Critical Evaluation of the 'Matura' Test: CEFR Alignment Project for the Austrian National Examination in English (B2 Level)

Minzi Li; Yongqiang Zeng; Ligerui Chen

摘要

This study attempted to evaluate the usefulness a CEFR (Common European Framework of Reference) alignment project ‘Matura’ listening test with respects of the item analysis, validity (i.e., content validity) and reliability (i.e., internal consistency reliability, scoring reliably). 93 students randomly selected from six secondary-school of different school-levels across three different regions in Austria completed the listening test. SPSS was employed for the statistical analysis.
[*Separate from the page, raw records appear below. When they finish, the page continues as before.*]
(* Let $(A,\star_A,\omega)$ be a quadratic perm algebra and let $P:A\to A$ be either an averaging operator or a derivation of $(A,\star_A)$. Define $x\circ_A y=P(x)\star_A y-x\star_A P(y)$ for all $x,y\in A$. Then $(A,\circ_A)$ is a Leibniz algebra, and $\omega$ is a nondegenerate skew-symmetric $2$-cocycle on $(A,\circ_A)$.
   Context: All vector spaces are finite-dimensional over a field $\mathbb K$ of characteristic zero. A perm algebra is a vector space $A$ with a multiplication $\star_A$ such that $x\star_A(y\star_A z)=(x\star_A y)\star_A z=(y\star_A x)\star_A z$ for all $x,y,z$. A quadratic perm algebra $(A,\star_A,\omega)$ is a perm algebra with a nondegenerate skew-symmetric bilinear form $\omega$ such that $\omega(x\star_A y,z)=\omega(x,y\star_A z-z\star_A y)$ for all $x,y,z$. A linear map $P:A\to A$ is an averaging operator of $(A,\star_A)$ if $P(x)\star_A P(y)=P(P(x)\star_A y)=P(x\star_A P(y))$ for all $x,y$, and a derivation if $P(x\star_A y)=P(x)\star_A y+x\star_A P(y)$ for all $x,y$. A Leibniz algebra is a vector space $A$ with a multiplication $\circ_A$ satisfying $x\circ_A(y\circ_A z)=(x\circ_A y)\circ_A z+y\circ_A(x\circ_A z)$. A bilinear form $\omega$ on a Leibniz algebra $(A,\circ_A)$ is a $2$-cocycle if $\omega(z,x\circ_A y)=\omega(x,y\circ_A z+z\circ_A y)-\omega(y,x\circ_A z)$ for all $x,y,z\in A$. *)

From mathcomp Require Import all_boot all_order all_algebra.
Set Implicit Arguments. Unset Strict Implicit. Unset Printing Implicit Defensive.
Import GRing.Theory.
Local Open Scope ring_scope.

Section Defs.
Variables (K : fieldType) (A : vectType K).

Definition bilinear_mul (m : A -> A -> A) : Prop :=
  (forall x, linear (m x)) /\ (forall y, linear (m^~ y)).

Definition bilin_form (w : A -> A -> K) : Prop :=
  (forall x, linear (w x : A -> K^o)) /\ (forall y, linear (w^~ y : A -> K^o)).

Definition is_perm_algebra (m : A -> A -> A) : Prop :=
  forall x y z, m x (m y z) = m (m x y) z /\ m (m x y) z = m (m y x) z.

Definition skew_symm_form (w : A -> A -> K) : Prop :=
  forall x y, w x y = - w y x.

Definition nondegen_form (w : A -> A -> K) : Prop :=
  forall x, (forall y, w x y = 0) -> x = 0.

Definition quadratic_perm_algebra (m : A -> A -> A) (w : A -> A -> K) : Prop :=
  [/\ bilinear_mul m, is_perm_algebra m, bilin_form w, skew_symm_form w &
      nondegen_form w] /\
  (forall x y z, w (m x y) z = w x (m y z - m z y)).

Definition averaging_operator (m : A -> A -> A) (P : A -> A) : Prop :=
  linear P /\
  forall x y, m (P x) (P y) = P (m (P x) y) /\ P (m (P x) y) = P (m x (P y)).

Definition derivation (m : A -> A -> A) (P : A -> A) : Prop :=
  linear P /\ forall x y, P (m x y) = m (P x) y + m x (P y).

Definition is_Leibniz_algebra (c : A -> A -> A) : Prop :=
  forall x y z, c x (c y z) = c (c x y) z + c y (c x z).

Definition is_2_cocycle (c : A -> A -> A) (w : A -> A -> K) : Prop :=
  forall x y z, w z (c x y) = w x (c y z + c z y) - w y (c x z).

Definition induced_product (m : A -> A -> A) (P : A -> A) : A -> A -> A :=
  fun x y => m (P x) y - m x (P y).

End Defs.

(* The Leibniz identity for [x o y = P x * y - x * P y] is a formal consequence of
   the perm identities and the defining identities of P (no form is involved);
   since the identity has to be checked in the vector space A, we test it on the
   coordinates of a basis, where it becomes a ring identity in K.  The cocycle
   identity, in turn, holds for every map P: the invariance of the skew form
   lets every term [w a (b * c)] be rewritten in terms of [w b (a * c)] and
   [w b (c * a)], after which the six terms cancel in pairs. *)

From mathcomp Require Import all_boot all_order all_algebra.
From mathcomp Require Import ring.
Import GRing.Theory.
Local Open Scope ring_scope.

Lemma eq_vect_coord (K : fieldType) (A : vectType K) (u v : A) :
  (forall i, coord (vbasis fullv) i u = coord (vbasis fullv) i v) -> u = v.
Proof.
move=> eq_uv; rewrite (coord_vbasis (memvf u)) (coord_vbasis (memvf v)).
by apply: eq_bigr => i _; rewrite eq_uv.
Qed.

Section PermAlgebra.
Variables (K : fieldType) (A : vectType K) (mul : A -> A -> A).
Hypotheses (mul_bilin : bilinear_mul mul) (mul_perm : is_perm_algebra mul).

Lemma perm_mulA x y z : mul x (mul y z) = mul (mul x y) z.
Proof. by case: (mul_perm x y z). Qed.

Lemma perm_mulCl x y z : mul (mul x y) z = mul (mul y x) z.
Proof. by case: (mul_perm x y z). Qed.

Lemma perm_mulDr x : {morph mul x : u v / u + v}.
Proof. by case: (GRing.semilinear_linear (mul_bilin.1 x)). Qed.

Lemma perm_mulBr x : {morph mul x : u v / u - v}.
Proof. exact: zmod_morphism_linear (mul_bilin.1 x). Qed.

Lemma perm_mulDl y : {morph mul^~ y : u v / u + v}.
Proof. by case: (GRing.semilinear_linear (mul_bilin.2 y)). Qed.

Lemma perm_mulBl y : {morph mul^~ y : u v / u - v}.
Proof. exact: zmod_morphism_linear (mul_bilin.2 y). Qed.

Variable P : A -> A.

Lemma averaging_induced_Leibniz :
  averaging_operator mul P -> is_Leibniz_algebra (induced_product mul P).
Proof.
move=> [P_lin P_avg] x y z; rewrite /induced_product.
have P_mulPl a b : P (mul (P a) b) = mul (P a) (P b) by case: (P_avg a b).
have P_mulPr a b : P (mul a (P b)) = mul (P a) (P b) by case: (P_avg a b) => -> ->.
rewrite !(zmod_morphism_linear P_lin) !P_mulPl !P_mulPr.
rewrite !(perm_mulBr, perm_mulBl, perm_mulA).
rewrite (perm_mulCl (P y) (P x)) (perm_mulCl (P y) x).
by apply: eq_vect_coord => i; rewrite !linearB !linearD /=; ring.
Qed.

Lemma derivation_induced_Leibniz :
  derivation mul P -> is_Leibniz_algebra (induced_product mul P).
Proof.
move=> [P_lin P_der] x y z; rewrite /induced_product.
rewrite !(zmod_morphism_linear P_lin) !P_der.
rewrite !(perm_mulBr, perm_mulBl, perm_mulDr, perm_mulDl, perm_mulA).
rewrite (perm_mulCl y (P (P x))) (perm_mulCl (P y) x).
rewrite (perm_mulCl (P y) (P x)) (perm_mulCl y x).
by apply: eq_vect_coord => i; rewrite !linearB !linearD /=; ring.
Qed.

End PermAlgebra.

Section InvariantForm.
Variables (K : fieldType) (A : vectType K) (mul : A -> A -> A) (w : A -> A -> K).
Hypotheses (w_bilin : bilin_form w) (w_skew : skew_symm_form w).
Hypothesis w_invariant : forall x y z, w (mul x y) z = w x (mul y z - mul z y).

Let w_addr x : {morph w x : u v / u + v}.
Proof. by case: (GRing.semilinear_linear (w_bilin.1 x)). Qed.

Let w_subr x : {morph w x : u v / u - v}.
Proof. exact: zmod_morphism_linear (w_bilin.1 x). Qed.

Lemma invariant_form_mulr a b c : w a (mul b c) = w b (mul a c) - w b (mul c a).
Proof. by rewrite w_skew w_invariant w_subr opprB. Qed.

Lemma invariant_form_mulr_swap a b c : w c (mul b a) = - w a (mul b c).
Proof. by rewrite (invariant_form_mulr c) (invariant_form_mulr a) opprB. Qed.

Lemma induced_product_2_cocycle (P : A -> A) :
  is_2_cocycle (induced_product mul P) w.
Proof.
move=> x y z; rewrite /induced_product !(w_subr, w_addr).
rewrite (invariant_form_mulr_swap z (P x) y) (invariant_form_mulr_swap y (P z) x).
rewrite (invariant_form_mulr_swap z (P y) x).
rewrite (invariant_form_mulr x z (P y)) (invariant_form_mulr x y (P z)).
ring.
Qed.

End InvariantForm.

Theorem proposition2p13 (K : fieldType) (A : vectType K)
  (mul : A -> A -> A) (w : A -> A -> K) (P : A -> A) :
  [pchar K] =i pred0 ->
  quadratic_perm_algebra mul w ->
  (averaging_operator mul P \/ derivation mul P) ->
  is_Leibniz_algebra (induced_product mul P) /\
  [/\ bilin_form w, skew_symm_form w, nondegen_form w &
      is_2_cocycle (induced_product mul P) w].
Proof.
move=> _ [[mul_bilin mul_perm w_bilin w_skew w_nondeg] w_invariant] P_avg_or_der.
split; last by split=> //; exact: induced_product_2_cocycle.
case: P_avg_or_der.
- exact: averaging_induced_Leibniz.
- exact: derivation_induced_Leibniz.
Qed.
(* Let $\Theta=\{\theta_0,\ldots,\theta_n\}\subset\mathbb{R}$ and let $F$ and $G$ be experiments with signal spaces $\mathcal{X}=[\underline{x},\overline{x}]$ and $\mathcal{Y}=[\underline{y},\overline{y}]$ and conditional densities $f(\cdot\mid\theta)$, $g(\cdot\mid\theta)$. Then $F\succeq_{\textup{LB}}G$ if and only if, for every $\boldsymbol{b}=(b_0,\ldots,b_n)\in\mathbb{R}^{n+1}$, \[ \int_{\mathcal{X}}\Big(\sum_{i=0}^{n} b_i f(x\mid\theta_i)\Big)_{+}\,dx\;\geq\;\int_{\mathcal{Y}}\Big(\sum_{i=0}^{n} b_i g(y\mid\theta_i)\Big)_{+}\,dy, \] where $(s)_+=\max(s,0)$.
   Context: States: $\Theta=\{\theta_0,\ldots,\theta_n\}\subset\mathbb{R}$. An experiment $F$ specifies, for each $\theta\in\Theta$, an absolutely continuous distribution $F(\cdot\mid\theta)$ with density $f(\cdot\mid\theta)$ of a signal $X$ taking values in a compact interval $\mathcal{X}=[\underline{x},\overline{x}]$; similarly $G$ has densities $g(\cdot\mid\theta)$ on $\mathcal{Y}=[\underline{y},\overline{y}]$ for a signal $Y$. Let $\widehat{\Delta}_n=\{\boldsymbol{q}\in[0,1]^n:\sum_{i=1}^n q_i\le 1\}$; a prior $\boldsymbol{q}=(q_1,\ldots,q_n)\in\widehat{\Delta}_n$ assigns probability $q_i$ to $\theta_i$ ($i\ge1$) and $q_0=1-\sum_{i=1}^n q_i$ to $\theta_0$. Given $\boldsymbol{q}$, $f_{\boldsymbol{q}}=\sum_{i=0}^n q_i f(\cdot\mid\theta_i)$ is the unconditional density of $X$ (distribution $F_{\boldsymbol{q}}$), and the posterior vector is $\boldsymbol{p}_F(x;\boldsymbol{q})=(p_{F,1}(x;\boldsymbol{q}),\ldots,p_{F,n}(x;\boldsymbol{q}))$ with $p_{F,i}(x;\boldsymbol{q})=q_i f(x\mid\theta_i)/f_{\boldsymbol{q}}(x)$; $\boldsymbol{p}_F(\boldsymbol{q})$ denotes the random vector $\boldsymbol{p}_F(X;\boldsymbol{q})$ with $X\sim F_{\boldsymbol{q}}$ (analogously for $G$). For random vectors $\boldsymbol{\mu},\boldsymbol{\nu}$ in $\mathbb{R}^n$ with equal means: $\boldsymbol{\mu}\succeq_{\textup{cx}}\boldsymbol{\nu}$ (convex order) if $\mathbb{E}[C(\boldsymbol{\mu})]\ge\mathbb{E}[C(\boldsymbol{\nu})]$ for all convex $C:\mathbb{R}^n\to\mathbb{R}$; $\boldsymbol{\mu}\succeq_{\textup{lcx}}\boldsymbol{\nu}$ (linear convex order) if $\boldsymbol{b}\cdot\boldsymbol{\mu}\succeq_{\textup{cx}}\boldsymbol{b}\cdot\boldsymbol{\nu}$ for all $\boldsymbol{b}\in\mathbb{R}^n$. The linear-Blackwell order: $F\succeq_{\textup{LB}}G$ if $\boldsymbol{p}_F(\boldsymbol{q})\succeq_{\textup{lcx}}\boldsymbol{p}_G(\boldsymbol{q})$ for every $\boldsymbol{q}\in\widehat{\Delta}_n$. *)

From mathcomp Require Import all_boot all_order all_algebra.
From mathcomp Require Import all_classical all_reals all_analysis.
Set Implicit Arguments. Unset Strict Implicit. Unset Printing Implicit Defensive.
Import Order.TTheory GRing.Theory Num.Theory.
Local Open Scope classical_set_scope.
Local Open Scope ring_scope.
(* For $\mu\in V$ and $x\in\mathcal W^J$ set $c(\mu)^J_x=\sum_{u\in\mathcal W_J}xu(\mu)$. Then for every $s\in\mathcal S$, $c(\mu)^J:=(c(\mu)^J_x)_{x\in\mathcal W^J}$ lies in ${}^s\mathcal Z^J$.
   Context: Let $(\mathcal W,\mathcal S)$ be a Coxeter system with $\mathcal W$ a Weyl group, length $\ell$, reflections $\mathcal T$. $V$ is the geometric representation (real, basis $\{\alpha_s\}$, $s(v)=v-2\langle v,\alpha_s\rangle\alpha_s$ for the form $\langle\alpha_s,\alpha_t\rangle=-\cos(\pi/m_{st})$); for $t=wsw^{-1}$, $\alpha_t=w(\alpha_s)$ up to scalar; $V\subset S=\mathrm{Sym}(V)$. Fix $J\subseteq\mathcal S$ with $\mathcal W_J=\langle J\rangle$ finite; $\mathcal W^J$ minimal coset representatives, $x^J$ the representative of $x\mathcal W_J$. Graph $\mathcal G^J$: vertices $\mathcal W^J$, edge $x\to y$ iff $\ell(x)<\ell(y)$, $y\notin x\mathcal W_J$, $y=txw$ ($t\in\mathcal T$, $w\in\mathcal W_J$), labelled $\mathbb R\alpha_t$. $\mathcal Z^J=\{(z_x)\in\prod_{x\in\mathcal W^J}S: z_x-z_y\in\alpha_tS$ for each edge labelled $\mathbb R\alpha_t\}$. ${}_s\sigma((z_x))=(\tau_s(z_{(sx)^J}))_x$ with $\tau_s$ the automorphism of $S$ induced by $s$; ${}^s\mathcal Z^J$ is the subalgebra of ${}_s\sigma$-invariants. *)

From Stdlib Require Import Reals.
From mathcomp Require Import all_boot all_algebra.
From mathcomp Require Import mpoly.
From mathcomp Require Import Rstruct.

Set Implicit Arguments.
Unset Strict Implicit.
Unset Printing Implicit Defensive.
Import GRing.Theory.
Local Open Scope ring_scope.

Section Coxeter.

(* A Coxeter system of rank n given by its Coxeter matrix m;
   the value 0 encodes m_st = infinity. *)
Variables (n : nat) (m : 'I_n -> 'I_n -> nat).

Definition coxeter_matrix : Prop :=
  forall i j : 'I_n, m i j = m j i /\ (m i j == 1%N) = (i == j).

Definition crystallographic : Prop :=
  forall i j : 'I_n, i != j -> (m i j \in [:: 2; 3; 4; 6; 0])%N.

Definition gram : 'M[R]_n :=
  \matrix_(i, j) (if m i j == 0%N then -1
                  else - cos (PI / INR (m i j))%R).

Definition alpha (i : 'I_n) : 'cV[R]_n := delta_mx i 0.

(* s_i(v) = v - 2 <v, alpha_i> alpha_i, as a matrix acting on columns *)
Definition refl (i : 'I_n) : 'M[R]_n :=
  1%:M - 2%:R *: (alpha i *m ((alpha i)^T *m gram)).

Definition word (s : seq 'I_n) : 'M[R]_n := foldr (fun i w => refl i *m w) 1%:M s.

(* W (as the image of the faithful geometric representation) *)
Definition inW (w : 'M[R]_n) : Prop := exists s, word s = w.

Definition inWJ (J : {set 'I_n}) (w : 'M[R]_n) : Prop :=
  exists s, all (fun i => i \in J) s /\ word s = w.

Definition is_length (w : 'M[R]_n) (l : nat) : Prop :=
  (exists s, size s = l /\ word s = w) /\
  (forall s, word s = w -> (l <= size s)%N).

Definition len_lt (x y : 'M[R]_n) : Prop :=
  exists lx ly, is_length x lx /\ is_length y ly /\ (lx < ly)%N.

Definition len_le (x y : 'M[R]_n) : Prop :=
  exists lx ly, is_length x lx /\ is_length y ly /\ (lx <= ly)%N.

Definition minrep (J : {set 'I_n}) (x : 'M[R]_n) : Prop :=
  inW x /\ forall w, inWJ J w -> len_le x (x *m w).

Definition is_rep (J : {set 'I_n}) (x y : 'M[R]_n) : Prop :=
  minrep J y /\ exists w, inWJ J w /\ y = x *m w.

(* edge x -> y of G^J labelled R alpha_t, where t = v s_i v^{-1} and
   alpha_t = v(alpha_i) (up to a scalar) *)
Definition edge (J : {set 'I_n}) (x y : 'M[R]_n) (a : 'cV[R]_n) : Prop :=
  minrep J x /\ minrep J y /\ len_lt x y /\
  ~ (exists u, inWJ J u /\ y = x *m u) /\
  exists (v : 'M[R]_n) (i : 'I_n) (w : 'M[R]_n),
    inW v /\ inWJ J w /\ y = v *m refl i *m invmx v *m x *m w /\
    a = v *m alpha i.

(* V inside S = Sym(V) = R[alpha_1, ..., alpha_n] *)
Definition linS (v : 'cV[R]_n) : {mpoly R[n]} := \sum_(i < n) v i 0 *: 'X_i.

(* tau_i : the R-algebra automorphism of S induced by s_i *)
Definition tau (i : 'I_n) (p : {mpoly R[n]}) : {mpoly R[n]} :=
  p \mPo [tuple linS (refl i *m alpha j) | j < n].

Definition inZ (J : {set 'I_n}) (z : 'M[R]_n -> {mpoly R[n]}) : Prop :=
  forall x y a, edge J x y a -> exists q, z x - z y = linS a * q.

Definition inZs (J : {set 'I_n}) (i : 'I_n) (z : 'M[R]_n -> {mpoly R[n]}) : Prop :=
  inZ J z /\
  forall x y, minrep J x -> is_rep J (refl i *m x) y -> tau i (z y) = z x.

(* c(mu)^J_x = sum_{u in W_J} x u (mu), given an enumeration l of W_J *)
Definition cJ (l : seq 'M[R]_n) (mu : 'cV[R]_n) (x : 'M[R]_n) : {mpoly R[n]} :=
  linS (\sum_(u <- l) (x *m u *m mu)).

End Coxeter.

From HB Require Import structures.
From Stdlib Require Import Reals.
From mathcomp Require Import all_boot all_algebra.
From mathcomp Require Import mpoly.
From mathcomp Require Import Rstruct.
From mathcomp Require Import ring.

Set Implicit Arguments.
Unset Strict Implicit.
Unset Printing Implicit Defensive.
Import GRing.Theory.
Local Open Scope ring_scope.

(* Left multiplication by w in W_J permutes W_J, so c(mu)^J is W-equivariant:
   c_{t x w} = t c_x.  For a reflection t = v s_i v^-1 the vector z - t z is a
   multiple of alpha_t = v alpha_i, which gives divisibility along every edge;
   and tau_i restricts to s_i on V, which gives invariance under the twisted
   action. *)

Section Reflections.

Variables (n : nat) (m : 'I_n -> 'I_n -> nat).
Hypothesis Hm : coxeter_matrix m.

Lemma gram_diag i : gram m i i = 1.
Proof.
rewrite /gram mxE.
have -> : m i i = 1%N by have [_ /eqP] := Hm i i; rewrite eqxx.
by rewrite (_ : INR 1 = 1) // divr1 cos_PI opprK.
Qed.

Lemma alpha_gram_alpha i : (alpha i)^T *m gram m *m alpha i = 1%:M.
Proof.
rewrite /alpha trmx_delta -rowE -colE.
have := gram_diag i; rewrite mxE => gii.
by apply/matrixP => a b; rewrite !ord1 !mxE gii.
Qed.

Lemma refl_invol i : refl m i *m refl m i = 1%:M.
Proof.
set P := alpha i *m ((alpha i)^T *m gram m).
have PP : P *m P = P.
  by rewrite /P -mulmxA (mulmxA _ (alpha i)) alpha_gram_alpha mul1mx.
rewrite /refl -/P mulmxBl mul1mx mulmxBr mulmx1 -!scalemxAl -!scalemxAr PP.
by rewrite scalerA; apply/matrixP => a b; rewrite !mxE; ring.
Qed.

Lemma word_cat s t : word m (s ++ t) = word m s *m word m t.
Proof. by elim: s => [|j s IH] /=; rewrite ?mul1mx // IH mulmxA. Qed.

Lemma word_unit s : word m s \in unitmx.
Proof.
elim: s => [|j s IH] /=; first exact: unitmx1.
by rewrite unitmx_mul IH andbT (mulmx1_unit (refl_invol j)).1.
Qed.

Lemma inWJ_mul J w u : inWJ m J w -> inWJ m J u -> inWJ m J (w *m u).
Proof.
move=> [s [Js <-]] [t [Jt <-]]; exists (s ++ t).
by rewrite all_cat Js Jt word_cat.
Qed.

Lemma refl_apply i (z : 'cV[R]_n) :
  refl m i *m z = z - (2 * ((alpha i)^T *m gram m *m z) 0 0) *: alpha i.
Proof.
rewrite /refl mulmxBl mul1mx -scalemxAl -(mulmxA (alpha i)).
rewrite {1}(mx11_scalar ((alpha i)^T *m gram m *m z)) mul_mx_scalar.
by rewrite scalerA.
Qed.

Lemma conj_refl_displacement v i (z : 'cV[R]_n) : v \in unitmx ->
  exists c : R, z - v *m refl m i *m invmx v *m z = c *: (v *m alpha i).
Proof.
move=> vU; exists (2 * ((alpha i)^T *m gram m *m (invmx v *m z)) 0 0).
rewrite -!mulmxA refl_apply mulmxBr mulKVmx // -scalemxAr.
by rewrite [in RHS]mulmxA opprB addrC subrK.
Qed.

End Reflections.

Section LinearForms.

Variable n : nat.

Lemma linS_is_linear : linear (@linS n).
Proof.
move=> a u v; rewrite /linS scaler_sumr -big_split /=.
by apply: eq_bigr => j _; rewrite !mxE scalerDl scalerA.
Qed.

HB.instance Definition _ :=
  GRing.isLinear.Build R 'cV[R]_n {mpoly R[n]} _ (@linS n) linS_is_linear.

Lemma col_sum_alpha (z : 'cV[R]_n) : z = \sum_(j < n) z j 0 *: alpha j.
Proof. by rewrite {1}[z]matrix_sum_delta; apply: eq_bigr => j _; rewrite big_ord1. Qed.

Lemma tau_linS m i (z : 'cV[R]_n) : tau m i (linS z) = linS (refl m i *m z).
Proof.
rewrite /tau [linS z]/linS raddf_sum /= {2}(col_sum_alpha z).
rewrite mulmx_sumr raddf_sum /=; apply: eq_bigr => j _.
rewrite comp_mpolyZ comp_mpolyXU -tnth_nth tnth_mktuple.
by rewrite -scalemxAr linearZ.
Qed.

End LinearForms.

Section OrbitSums.

Variables (n : nat) (m : 'I_n -> 'I_n -> nat).
Hypothesis Hm : coxeter_matrix m.
Variables (J : {set 'I_n}) (l : seq 'M[R]_n).
Hypotheses (Hl_uniq : uniq l) (Hl : forall w, inWJ m J w <-> w \in l).

Lemma big_WJ_mull (V : nmodType) (F : 'M[R]_n -> V) w :
  inWJ m J w -> \sum_(u <- l) F (w *m u) = \sum_(u <- l) F u.
Proof.
move=> Jw; have wU : w \in unitmx by case: Jw => s [_ <-]; apply: word_unit.
rewrite -(big_map (mulmx w) xpredT F); apply: perm_big.
have wl_uniq : uniq (map (mulmx w) l) by rewrite (map_inj_uniq (can_inj (mulKmx wU))).
apply: uniq_perm => //; apply: (uniq_min_size wl_uniq _ _).2; last by rewrite size_map.
by move=> _ /mapP [u /Hl Ju ->]; apply/Hl/inWJ_mul.
Qed.

Variable mu : 'cV[R]_n.

Definition orbit_sum (x : 'M[R]_n) : 'cV[R]_n := \sum_(u <- l) x *m u *m mu.

Lemma orbit_sum_mull t x : orbit_sum (t *m x) = t *m orbit_sum x.
Proof. by rewrite /orbit_sum mulmx_sumr; apply: eq_bigr => u _; rewrite !mulmxA. Qed.

Lemma orbit_sum_mulr x w : inWJ m J w -> orbit_sum (x *m w) = orbit_sum x.
Proof.
move=> Jw; rewrite /orbit_sum -(big_WJ_mull (fun u => x *m u *m mu) Jw).
by apply: eq_bigr => u _; rewrite !mulmxA.
Qed.

End OrbitSums.

Theorem lemma4p2 (n : nat) (m : 'I_n -> 'I_n -> nat)
    (Hm : coxeter_matrix m) (Hcr : crystallographic m)
    (J : {set 'I_n}) (l : seq 'M[R]_n)
    (Hl_uniq : uniq l) (Hl : forall w, inWJ m J w <-> w \in l)
    (mu : 'cV[R]_n) (i : 'I_n) :
  inZs m J i (cJ l mu).
Proof.
split=> [x y a [_ [_ [_ [_ [_ [j [w [[s <-] [Jw [-> ->]]]]]]]]]] |
         x y _ [_ [w [Jw ->]]]]; rewrite /cJ -!/(orbit_sum l mu _).
- rewrite (orbit_sum_mulr Hm Hl_uniq Hl _ _ Jw) orbit_sum_mull -raddfB /=.
  have [c ->] := conj_refl_displacement m j (orbit_sum l mu x) (word_unit Hm s).
  by exists c%:MP; rewrite linearZ /= mulrC mul_mpolyC.
- by rewrite (orbit_sum_mulr Hm Hl_uniq Hl _ _ Jw) orbit_sum_mull tau_linS
     mulmxA (refl_invol Hm) mul1mx.
Qed.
Facility value, discrimination index together with other descriptive statistics were reported for the item analysis. Content validity by a panel of expert judgments as well as the reliability of the listening test was further examined. Findings showed that: 1) the test paper was of average to high difficulty with its peak score locating around the mid-point, which allow higher education institutions to set an appropriate cut-score for decision making. Relatively widespread test scores further indicated its potential to efficiently discriminate learners of varied listening proficiency; 2) the majority of items in the listening test performed well and were qualitatively reasonably good. However, we did identify several problematic items with possible causes related to construct-irrelevance, too many possible answers, mismatch sign-posted words, fast audio speed, testing simply the background knowledge, and the heavy cognitive load required for “Not Given” option; 3) regarding validity and validity issues, construct-under representation and the less authentic listening materials were then spotted by careful content analysis. Though the statistical output reported relatively high reliability, results should be interpreted with caution. Based on findings, general evaluation of the test as well as implications for further improvement were revealed.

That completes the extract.